If users report poor performance in requests that seem to be running, it is important to first ensure that there are no errors in the log files and that requests have not been wrongly left in a ‘Running’ status by a dead (abnormally exited) manager process that has not (yet) been detected by the ICM. When the ICM is operating correctly, it checks for the heartbeat of active manager processes during its pmon cycle and looks for abnormally terminated concurrent managers. If the pmon cycle is set too high, there may be a delay in finding dead manager processes. If the ICM fails, requests may be wrongly left in a ‘Running’ status after the manager has failed. Check that the ICM is active running by reviewing the Administer Concurrent Managers form and checking that the actual and target processes are both set to 1 or by running the afimchk.sql script in the FND_TOP/sql directory. Also ensure that the pmon cycle time is set at a reasonable level to detect problems in a timely fashion.
A request may also be suspended in a running state if:
• The request requires a row or table that is locked by another user
• The temp directory is full
• The request has become a runaway request where Oracle or Unix has lost track of the request.
If the request genuinely seems to be running more slowly than would normally be expected, check the parameters that users entered to ensure that they are not inadvertently running open-ended reports that provide more information than they intend to retrieve. Review any timings in the request log file to see if they seem reasonable.
If the request log file indicates that there are some parts of the request that seem to run particularly slowly, try to identify problematic SQL using trace to reproduce the problem if possible. If you can identify individual statements that are causing problems, use the SQL Tuning stack to investigate them further.
If the whole request seems to be slow, investigate whether this is part of a general trend. Determine whether there are other requests that are performing badly and identify any characteristics that they have in common.
Consider whether performance problems are timebound or related to individual work shifts. If there are peaks and troughs in performance throughout the working day, review the workload on the machines at key times. Review the concurrent processing workload and any other work that the machine performs at key times. Investigate the possibility of balancing online and concurrent processing workload through techniques of concurrent manager balancing and queue specialisation described in detail below.
If the problem seems to be associated with requests that are being processed through the transaction managers, use the network stack to investigate the network between the forms server and the concurrent processing server. Ensure that network traffic between these two points is being dealt with in the optimum way.
If the problem is restricted to individual users or responsibilities and you are using Oracle Applications Release 11i, check your use of the cost based optimiser to ensure that you are following best practices.

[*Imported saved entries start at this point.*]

(* For any $\epsilon>0$ there is a $c'>0$ such that for all $n'$ and any $1\le R\le n'$, the probability that a matrix $Z$ chosen uniformly at random from the rank-$R$ matrices in $\mathbb{Z}_D^{n'\times n'}$ has all row and column weights at most $c'n'$ is $O(1)\cdot D^{R^2-2(1-\epsilon)n'R}$.
   Context: $D$ is an odd prime and $\mathbb{Z}_D$ the field with $D$ elements. The weight of a row or column is its number of nonzero entries. *)

From mathcomp Require Import all_boot all_order all_algebra.
From Stdlib Require Import Reals.
Set Implicit Arguments. Unset Strict Implicit. Unset Printing Implicit Defensive.
Import GRing.Theory.

Definition row_weight (D n : nat) (Z : 'M['F_D]_n) (i : 'I_n) : nat :=
  #|[set j : 'I_n | Z i j != GRing.zero]|.
Definition col_weight (D n : nat) (Z : 'M['F_D]_n) (j : 'I_n) : nat :=
  #|[set i : 'I_n | Z i j != GRing.zero]|.

Definition Rleb (x y : R) : bool := if Rle_dec x y then true else false.

Definition weights_le (D n : nat) (Z : 'M['F_D]_n) (w : R) : bool :=
  [forall i : 'I_n, Rleb (INR (row_weight Z i)) w] &&
  [forall j : 'I_n, Rleb (INR (col_weight Z j)) w].

Definition prob_low_weight (D n r : nat) (w : R) : R :=
  (INR #|[pred Z : 'M['F_D]_n | (\rank Z == r) && weights_le Z w]|
   / INR #|[pred Z : 'M['F_D]_n | \rank Z == r]|)%R.

From mathcomp Require Import all_boot all_order all_algebra.
From Stdlib Require Import Reals.
From mathcomp Require Import all_fingroup zify.
From Stdlib Require Import Lra.

(* A rank-[r] matrix [Z] is recovered as [C M^-1 R] from an invertible [r x r] minor [M], the
   [r] rows [R] and the [r] columns [C] of [Z] through it.  If all rows and columns of [Z] have
   weight at most [w], this leaves at most [(n^2 |L|^2)^r] choices, where [L] is the set of
   vectors of weight at most [w].  Weighting every vector [v] by [m^(n - wt v)] gives
   [|L| m^(n - w) <= (m + q - 1)^n], so that [|L| <= q^(eps n / 2)] for [m] large and [w = c' n]
   with [c'] small.  On the other side, the matrices [[1; Y] M [1 X]] with [M] invertible are
   pairwise distinct of rank [r], and there are at least [q^(2nr - r^2 - r)] of them.  The
   probability is thus at most [(q n^2 q^(eps n))^r q^(r^2 - 2nr)], which is the claimed bound
   once [q n^2 <= q^(eps n)]; the finitely many smaller [n] go into the constant. *)

Set Implicit Arguments. Unset Strict Implicit. Unset Printing Implicit Defensive.
Import GRing.Theory.
Local Notation "m ^ n" := (expn m n) : nat_scope.

Lemma prod_indicator_set (I : finType) (S : {set I}) (m : nat) :
  \prod_(i : I) (if i \in S then 1 else m) = m ^ (#|I| - #|S|).
Proof.
rewrite (bigID (mem S)) /= big1 ?mul1n => [|i ->] //.
rewrite (eq_bigr (fun=> m)) => [|i /negPf ->] //.
rewrite prod_nat_const; congr (_ ^ _).
by rewrite -(cardC S) addKn; apply: eq_card => i; rewrite !inE.
Qed.

Section LowWeightVectors.
Variables (F : finFieldType) (n : nat).
Local Open Scope ring_scope.

Definition weight (v : 'rV[F]_n) : nat := #|[set j | v ord0 j != 0]|.

Lemma weight_le_dim (v : 'rV[F]_n) : (weight v <= n)%nat.
Proof. by rewrite /weight -[X in (_ <= X)%nat]card_ord max_card. Qed.

Lemma sum_expn_zero_entries (m : nat) :
  (\sum_(v : 'rV[F]_n) m ^ (n - weight v) = (m + #|F|.-1) ^ n)%nat.
Proof.
pose h (f : {ffun 'I_n -> F}) : 'rV[F]_n := \row_j f j.
have h_bij : bijective h.
  exists (fun v : 'rV[F]_n => [ffun j => v ord0 j]).
    by move=> f; apply/ffunP => j; rewrite ffunE mxE.
  by move=> v; apply/rowP => j; rewrite mxE ffunE.
rewrite (reindex h) /=; last exact: onW_bij.
under eq_bigr => f _.
  rewrite -[X in (X - _)%nat]card_ord -prod_indicator_set.
  under eq_bigr do rewrite inE mxE.
  over.
rewrite -(bigA_distr_bigA (fun j (x : F) => if x != 0 then 1%nat else m)) /=.
rewrite -[n in RHS]card_ord -prod_nat_const; apply: eq_bigr => j _.
rewrite (bigD1 0) //= eqxx; congr (_ + _)%nat.
rewrite (eq_bigr (fun _ => 1%nat)) => [|x ->] //.
rewrite sum_nat_const muln1 -(cardC1 (0 : F)).
by apply: eq_card => x; rewrite !inE.
Qed.

Lemma card_low_weight_le (m k : nat) : (0 < m)%nat ->
  (#|[set v : 'rV[F]_n | weight v <= k]| * m ^ n <= m ^ k * (m + #|F|.-1) ^ n)%nat.
Proof.
move=> m_gt0; rewrite -sum_expn_zero_entries big_distrr /= -sum_nat_const.
rewrite [X in (_ <= X)%nat](bigID (mem [set v | (weight v <= k)%nat])) /=.
apply: leq_trans (leq_addr _ _); apply: leq_sum => v; rewrite inE => wt_v.
by rewrite -expnD leq_pexp2l //; have := weight_le_dim v; lia.
Qed.

End LowWeightVectors.

Section UnitMinor.
Variable F : fieldType.
Local Open Scope ring_scope.

Lemma rank_colsub_le m n p (g : 'I_p -> 'I_n) (A : 'M[F]_(m, n)) :
  (\rank (colsub g A) <= \rank A)%nat.
Proof.
have -> : colsub g A = A *m colsub g 1%:M by rewrite mulmx_colsub mulmx1.
exact: mxrankM_maxl.
Qed.

Lemma exists_unit_minor m n r (Z : 'M[F]_(m, n)) : \rank Z = r ->
  exists (f : {ffun 'I_r -> 'I_m}) (g : {ffun 'I_r -> 'I_n}),
    colsub g (rowsub f Z) \in unitmx.
Proof.
move=> <-; set f := maxrankfun Z.
have rankR : \rank (rowsub f Z) = \rank Z by apply/eqP; exact: maxrowsub_free.
have fullRt : row_full (rowsub f Z)^T by rewrite /row_full mxrank_tr rankR.
exists f, (fullrankfun fullRt); rewrite -unitmx_tr.
have -> : (colsub (fullrankfun fullRt) (rowsub f Z))^T =
          rowsub (fullrankfun fullRt) (rowsub f Z)^T by apply/matrixP => i j; rewrite !mxE.
exact: fullrowsub_unit.
Qed.

(* The r rows through a unit r x r minor of a rank r matrix span its row space. *)
Lemma unit_minor_factor m n r (Z : 'M[F]_(m, n)) (f : 'I_r -> 'I_m) (g : 'I_r -> 'I_n) :
  \rank Z = r -> colsub g (rowsub f Z) \in unitmx ->
  Z = colsub g Z *m invmx (colsub g (rowsub f Z)) *m rowsub f Z.
Proof.
move=> rankZ unitM.
have rankR : \rank (rowsub f Z) = r.
  apply/eqP; rewrite eqn_leq rank_leq_row -{1}(mxrank_unit unitM).
  exact: rank_colsub_le.
have /submxP[X defZ] : (Z <= rowsub f Z)%MS.
  by have := mxrank_leqif_sup (rowsub_sub f Z); rewrite rankZ rankR => /leqif_refl.
by rewrite {2}defZ -mulmx_colsub mulmxK // -defZ.
Qed.

End UnitMinor.

Section RankNumerator.
Variables (F : finFieldType) (n r : nat).
Local Open Scope ring_scope.

Definition minor_data := (({ffun 'I_r -> 'I_n} * {ffun 'I_r -> 'I_n}) *
                         ({ffun 'I_r -> 'rV[F]_n} * {ffun 'I_r -> 'rV[F]_n}))%type.

Definition minor_decode (p : minor_data) : 'M[F]_n :=
  let R := \matrix_(i < r) p.2.1 i in
  (\matrix_(j < r) p.2.2 j)^T *m invmx (colsub p.1.2 R) *m R.

Lemma minor_decodeK (Z : 'M[F]_n) (f g : {ffun 'I_r -> 'I_n}) :
  \rank Z = r -> colsub g (rowsub f Z) \in unitmx ->
  minor_decode ((f, g), ([ffun i => row (f i) Z], [ffun j => (col (g j) Z)^T])) = Z.
Proof.
move=> rankZ unitM; rewrite /minor_decode /=.
set C := (\matrix_(j < r) _)^T; set R := \matrix_(i < r) _.
have -> : R = rowsub f Z by apply/matrixP => i j; rewrite !mxE ffunE mxE.
have -> : C = colsub g Z by apply/matrixP => i j; rewrite !mxE ffunE !mxE.
by rewrite -unit_minor_factor.
Qed.
(* Let $\ell$ be a prime, $\nu\ge 1$, and $R$ a $\mathbb{Z}/\ell^\nu$-algebra. Let $L$ be the free $R$-module on symbols $\alpha_1,\dots,\alpha_{\ell-1}$, and for $k\ge0$ let $\phi_k:L\to H_R$ be the $R$-linear map with $\phi_k(\alpha_i)=\alpha_{k\ell+i}$. Then $\bigoplus_k\phi_k:\bigoplus_{k=0}^\infty L\to H_R$ is an isomorphism of $R$-modules. In particular, the elements $\alpha_n$ with $n>0$ and $n\not\equiv0\pmod\ell$ form an $R$-basis of $H_R$.
   Context: $F\subseteq\mathbb{Q}[t]$ is the ring of numerical polynomials (those $f$ with $f(n)\in\mathbb{Z}$ for all integers $n\gg0$), free abelian on $\alpha_n=\binom tn$, $n\ge0$. $F_R=R\otimes F$ is the free $R$-module on the $\alpha_n$, and $T:F_R\to F_R$ (multiplication by $t$) is given by $T(\alpha_n)=n\alpha_n+(n+1)\alpha_{n+1}$. $H_R$ denotes the colimit of $F_R\xrightarrow{T}F_R\xrightarrow{T}F_R\to\cdots$, i.e. $H_R=F_R[1/t]=R\otimes H$ with $H=F[1/t]$; $\alpha_n$ also denotes the image in $H_R$ of the basis element $\alpha_n$ of the first copy of $F_R$. *)

From HB Require Import structures.
From mathcomp Require Import all_boot all_order all_algebra.
Set Implicit Arguments. Unset Strict Implicit. Unset Printing Implicit Defensive.
Import Order.TTheory GRing.Theory Num.Theory.
Local Open Scope ring_scope.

If the problem seems related to individual tools or standard reports, check for known performance problems through Oracle Support Services. Report any performance problems with standard requests to Oracle Support Services and investigate problems with custom code in-house.

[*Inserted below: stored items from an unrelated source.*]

Definition diblock (S : T -> Prop) (r v : T) : Prop :=
  S v /\ (v = r \/ e r v \/ bireach S r v).

Definition last_in (B : T -> Prop) (r : T) (p : seq T) (x : T) : Prop :=
  exists p1 p2, [/\ r :: p = p1 ++ x :: p2, B x & forall w, w \in p2 -> ~ B w].

Definition Xset (S : T -> Prop) (r x v : T) : Prop :=
  [/\ S v, ~ diblock S r v &
    forall p, dpath S r v p -> last_in (diblock S r) r p x].

Definition bottleneck (S : T -> Prop) (r x : T) : Prop :=
  [/\ diblock S r x, x <> r & exists v, Xset S r x v].

(* tree_vertex S r v : v is a vertex of the tree of the r-rooted cut
   decomposition of H[S] (defined recursively: the root r, and the vertices
   of the x-rooted cut decompositions of H[X_x + x] for the bottlenecks x). *)
Inductive tree_vertex : (T -> Prop) -> T -> T -> Prop :=
| tv_root S r : tree_vertex S r r
| tv_child S r x v : bottleneck S r x ->
    tree_vertex (fun w => Xset S r x w \/ w = x) x v -> tree_vertex S r v.

End Digraph.

(* If [u] lies in the diblock [B_r], it has two internally disjoint [r]-[u]
   paths; [X] avoids [r] and [u], so one of them meets at most half of the
   vertices of [X] on their union.  Otherwise all [r]-[u] paths leave [B_r] for
   the last time at the same bottleneck [x]: two different exits towards a
   common vertex would leave no vertex separating it from [r], so by Menger's
   theorem it would be bi-reachable.  Thus [u] lies in [X_x], and no [r]-[x]
   path enters [X_x].  Follow the better of two disjoint [r]-[x] paths, then a
   path from [x] to [u] inside [H[X_x + x]] given by induction for the part of
   [X] off those two paths. *)

From mathcomp Require Import all_boot zify.
From Stdlib Require Import Classical.
Set Implicit Arguments. Unset Strict Implicit. Unset Printing Implicit Defensive.

Section CutDecomposition.
Variable T : finType.
Implicit Types (e : rel T) (S : T -> Prop) (p q : seq T).

Lemma split_at (x : T) p : x \in p -> exists p1 p2, p = p1 ++ x :: p2.
Proof. by case/splitPr => p1 p2; exists p1, p2. Qed.

Lemma split_first (a : pred T) p : has a p ->
  exists x p1 p2, [/\ p = rcons p1 x ++ p2, a x & ~~ has a p1].
Proof. by case/split_find => x p1 p2 ax hp1; exists x, p1, p2. Qed.

Lemma mem_last_nonnil (x : T) p : p != [::] -> last x p \in p.
Proof. by case: p => [//|y p] _ /=; exact: mem_last. Qed.

Lemma dpath_end e S a b p : dpath e S a b p -> S b.
Proof. by case=> _ <- _ hS; apply/hS/mem_last. Qed.

Lemma dpath_weaken e S S' a b p : (forall v, S v -> S' v) ->
  dpath e S a b p -> dpath e S' a b p.
Proof. by move=> hSS' [hp hl hu hS]; split=> // v /hS /hSS'. Qed.

Lemma dpath_shorten e S a p : path e a p -> (forall v, v \in a :: p -> S v) ->
  exists2 p', dpath e S a (last a p) p' & {subset p' <= p}.
Proof.
move=> hp hS; case: (shortenP hp) => p' hp' hu hsub.
exists p' => //; split=> // v; rewrite inE => /orP [/eqP -> | /hsub hv];
  by apply: hS; rewrite inE ?eqxx ?hv ?orbT.
Qed.

Lemma dpath_extend e S a b c p q : dpath e S a b p -> path e b q ->
  last b q = c -> (forall v, v \in q -> S v) ->
  exists2 p', dpath e S a c p' & {subset p' <= p ++ q}.
Proof.
case=> hp hl _ hS hq <- hSq.
have hw : path e a (p ++ q) by rewrite cat_path hp hl hq.
have := dpath_shorten hw; rewrite last_cat hl; apply.
move=> v; rewrite -cat_cons mem_cat => /orP [/hS // | /hSq //].
Qed.

Lemma dpath_cat e S a b c p q : dpath e S a b p -> dpath e S b c q ->
  (forall v, v \in q -> v \notin a :: p) -> dpath e S a c (p ++ q).
Proof.
case=> hp hl hu hS [hq hlq huq hSq] hdis; split.
- by rewrite cat_path hp hl hq.
- by rewrite last_cat hl hlq.
- rewrite -cat_cons cat_uniq hu /=; apply/andP; split.
  + by apply/hasPn => v /hdis.
  + by case/andP: huq.
- move=> v; rewrite -cat_cons mem_cat => /orP [/hS //|hv].
  by apply: hSq; rewrite inE hv orbT.
Qed.

Lemma path_suffix e a p p1 x p2 : a :: p = p1 ++ x :: p2 -> path e a p ->
  [/\ path e x p2, last x p2 = last a p & {subset x :: p2 <= a :: p}].
Proof.
case: p1 => [|y p1] /=; first by case=> <- <- hp; split.
case=> _ ->; rewrite cat_path last_cat => /andP [_ /= /andP [_ hp2]].
by split=> // v hv; rewrite inE mem_cat hv !orbT.
Qed.

Lemma dpath_arc e S a b : e a b -> S a -> S b -> a != b -> dpath e S a b [:: b].
Proof.
move=> hab ha hb hne; split=> //=; first by rewrite hab.
  by rewrite inE hne.
by move=> v; rewrite !inE => /orP [] /eqP ->.
Qed.

Lemma dpath_head e S a b p : dpath e S a b p -> a != b ->
  exists c q, [/\ p = c :: q, e a c, S c & c != a].
Proof.
case: p => [|c q] [hp hl hu hS] hab; first by rewrite /= in hl; rewrite hl eqxx in hab.
exists c, q; split=> //; first by case/andP: hp.
  by apply: hS; rewrite !inE eqxx orbT.
by case/andP: hu; rewrite inE negb_or eq_sym => /andP [].
Qed.

Lemma dpath_mem_last e S a b p : dpath e S a b p -> a != b -> b \in p.
Proof.
move=> hp /(dpath_head hp) [c [q [hpe _ _ _]]]; subst p.
case: hp => _ <- _ _ /=; exact: mem_last.
Qed.

Definition two_paths e S a b := exists p q,
  [/\ dpath e S a b p, dpath e S a b q & forall v, v \in p -> v \in q -> v = b].

Lemma walks_two_paths e S a b p q : path e a p -> path e a q ->
  last a p = b -> last a q = b ->
  (forall v, v \in a :: p -> S v) -> (forall v, v \in a :: q -> S v) ->
  (forall v, v \in p -> v \in q -> v = b) -> two_paths e S a b.
Proof.
move=> hp hq hlp hlq hSp hSq hd.
have [p' hp' sp] := dpath_shorten hp hSp; have [q' hq' sq] := dpath_shorten hq hSq.
rewrite hlp in hp'; rewrite hlq in hq'.
by exists p', q'; split=> // v /sp h /sq h'; apply: hd h h'.
Qed.

Lemma arc_two_paths e S a b : e a b -> S a -> S b -> two_paths e S a b.
Proof.
move=> hab ha hb; apply: (@walks_two_paths e S a b [:: b] [:: b]) => //=.
1,2: by rewrite hab.
1,2: by move=> v; rewrite !inE => /orP [] /eqP ->.
by move=> v; rewrite inE => /eqP.
Qed.

Lemma diblock_root e S r : S r -> diblock e S r r.
Proof. by split=> //; left. Qed.

Lemma diblock_two_paths e S r x : S r -> diblock e S r x -> two_paths e S r x.
Proof.
move=> hr [hx [->|[hrx|[p [q [hp hq _ hint]]]]]].
- by apply: (@walks_two_paths e S r r [::] [::]) => // v; rewrite inE => /eqP ->.
- exact: arc_two_paths.
- exists p, q; split=> // v hvp hvq.
  have [//|hvx] := eqVneq v x; exfalso.
  have hvr : v <> r by move=> hvr; case: hp => _ _ /andP [/negP + _]; rewrite -hvr.
  by apply: (hint v); split; rewrite ?inE ?hvp ?hvq ?orbT //; split=> //; apply/eqP.
Qed.

Lemma two_paths_diblock e S r w : two_paths e S r w -> r != w -> diblock e S r w.
Proof.
case=> p [q [hp hq hd]] hrw; split; first exact: dpath_end hp.
right; have [hpq|hpq] := eqVneq p q; last first.
  right; exists p, q; split=> //; first exact/eqP.
  move=> v [hvp [hvr hvw]] [hvq _]; apply: hvw; apply: hd.
  - by move: hvp; rewrite inE => /orP [/eqP|].
  - by move: hvq; rewrite inE => /orP [/eqP|].
(* a path sharing only [w] with itself is the single arc [r w] *)
subst q; left; have [c [t [hpe hrc _ _]]] := dpath_head hp hrw; subst p.
have hc : c = w by apply: hd; rewrite inE eqxx.
subst c; case: t hp hd {hq} => [//|c t] [_ _ hu _] hd.
have hc : c = w by apply: hd; rewrite !inE eqxx orbT.
by subst c; move: hu => /= /andP [_ /andP []]; rewrite inE eqxx.
Qed.

(* the induction measure: [H[S]] has at most [n] vertices *)
Definition covered S n := exists2 l : seq T, size l <= n & forall v, S v -> v \in l.

Lemma covered0 S v : covered S 0 -> ~ S v.
Proof. by case=> [[|//]] _ /[apply]. Qed.

Lemma covered_card S : covered S #|T|.
Proof. by exists (enum T) => [|v _]; rewrite ?cardE ?mem_enum. Qed.

Lemma covered_del S S' n s : covered S n.+1 -> S s ->
  (forall v, S' v -> S v /\ v <> s) -> covered S' n.
Proof.
case=> l hl hSl hs hS'; exists (filter (predC1 s) l); last first.
  by move=> v /hS' [/hSl hv /eqP hvs]; rewrite mem_filter /= hvs.
have hpos : 0 < count (predC (predC1 s)) l.
  by rewrite -has_count; apply/hasP; exists s; rewrite /= ?eqxx ?hSl.
rewrite size_filter -ltnS; apply: leq_trans hl.
by rewrite -(count_predC (predC1 s) l) -addn1 leq_add2l.
Qed.

(* [a] also receives the out-arcs of [s]; with [s] deleted, this is the
   contraction of the arc [s a] as seen by paths leaving [s]. *)
Definition contract e s a : rel T := fun x y => e x y || (x == a) && e s y.

Lemma path_contract e s a x p :
  path (contract e s a) x p -> a \notin x :: p -> path e x p.
Proof.
elim: p x => [//|y p IH] x /= /andP [hxy hp]; rewrite !inE negb_or => /andP [hxa hr].
rewrite (IH y hp hr) andbT; move: hxy; rewrite /contract.
by rewrite eq_sym in hxa; rewrite (negbTE hxa) orbF.
Qed.

Lemma dpath_contract e S s a w p : dpath e S s w p -> s != w -> e s a -> S a -> a != s ->
  exists2 p', dpath (contract e s a) (fun v => S v /\ v <> s) a w p' & {subset p' <= p}.
Proof.
move=> hp hsw hsa hSa has; have [b [t [hpe hsb _ _]]] := dpath_head hp hsw; subst p.
case: hp => hp hl hu hS.
have hp' : path (contract e s a) a (b :: t).
  move: hp => /= /andP [_ hbt]; rewrite /contract eqxx hsb orbT /=.
  by apply: sub_path hbt => x y h; rewrite /contract h.
have [|p' hd hsub] := dpath_shorten (S := fun v => S v /\ v <> s) hp'.
  move=> v; rewrite inE => /orP [/eqP -> | hv]; first by split=> //; apply/eqP.
  split; first by apply: hS; rewrite inE hv orbT.
  by move=> hvs; move: hu; rewrite /= -hvs hv.
by exists p' => //; rewrite -hl.
Qed.

Lemma dpath_uncontract e S s a w p : S s ->
  dpath (contract e s a) (fun v => S v /\ v <> s) a w p -> a != w ->
  [/\ dpath e S s w p \/ dpath e S a w p, a \notin p & s \notin p].
Proof.
move=> hs hp haw; have [b [t [hpe _ _ _]]] := dpath_head hp haw; subst p.
case: hp => hp hl hu hS.
have hSp v : v \in b :: t -> S v /\ v <> s by move=> hv; apply: hS; rewrite inE hv orbT.
have hsp : s \notin b :: t by apply/negP => /hSp [].
have hap : a \notin b :: t by case/andP: hu.
split=> //; move: hp => /= /andP [hab hbt].
have {}hbt : path e b t := path_contract hbt hap.
move: hab; rewrite /contract eqxx /= => /orP [hab|hsb]; [right|left]; split=> //=.
- by rewrite hab.
- by move=> v; rewrite inE => /orP [/eqP ->|/hSp []//]; case: (hS a); rewrite ?inE ?eqxx.
- by rewrite hsb.
- by rewrite hsp; case/andP: hu.
- by move=> v; rewrite inE => /orP [/eqP ->|/hSp []].
Qed.

Lemma mixed_two_paths e S s a w P Q : e s a -> S s -> s != a ->
  dpath e S s w P -> dpath e S a w Q -> a \notin P -> s \notin Q ->
  (forall v, v \in P -> v \in Q -> v = w) -> two_paths e S s w.
Proof.
move=> hsa hs hsna hP hQ haP hsQ hd; exists P, (a :: Q); split=> //.
- have hSa : S a by case: hQ => _ _ _; apply; rewrite inE eqxx.
  apply: (dpath_cat (dpath_arc hsa hs hSa hsna) hQ) => v hv.
  rewrite !inE negb_or; apply/andP; split; first by apply: contraNneq hsQ => <-.
  by case: hQ => _ _ /andP [+ _] _; apply: contraNneq => <-.
- move=> v hvP; rewrite inE => /orP [/eqP hva|]; last exact: hd.
  by move: haP; rewrite -hva hvP.
Qed.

Identifying and Managing Delays in Job Termination
As with problems involving poor performing requests, it is important to ensure that the ICM is operational to resolve any issues with requests that have failed and need to terminate. On receiving reports of requests taking a long time to terminate, the system administrator should ensure that the ICM is active running and that the pmon cycle time is set at a reasonable level to detect problems in a timely fashion.
Once the concurrent job has indicated an intention to rollback, the database server takes over and controls the rollback. Performance problems in this area will therefore be related to the rollback activity itself in terms of rollback configuration or general database performance. Performance of the network is not an issue as the rollback activity is contained on the database server. There is therefore no need to investigate the nodes that are running the request or network performance.
Identifying and Resolving Delays in Output Retrieval
The System Administrator and Oracle Alert Manager responsibilities have a 'privileged' version of the View Concurrent Requests form or window that allows them to view the status of, and log files for, all concurrent requests, including those that have completed unsuccessfully, and to perform various administrative tasks on concurrent requests. Other responsibilities can manage and view their own report output online, but they cannot view report output from other users' requests.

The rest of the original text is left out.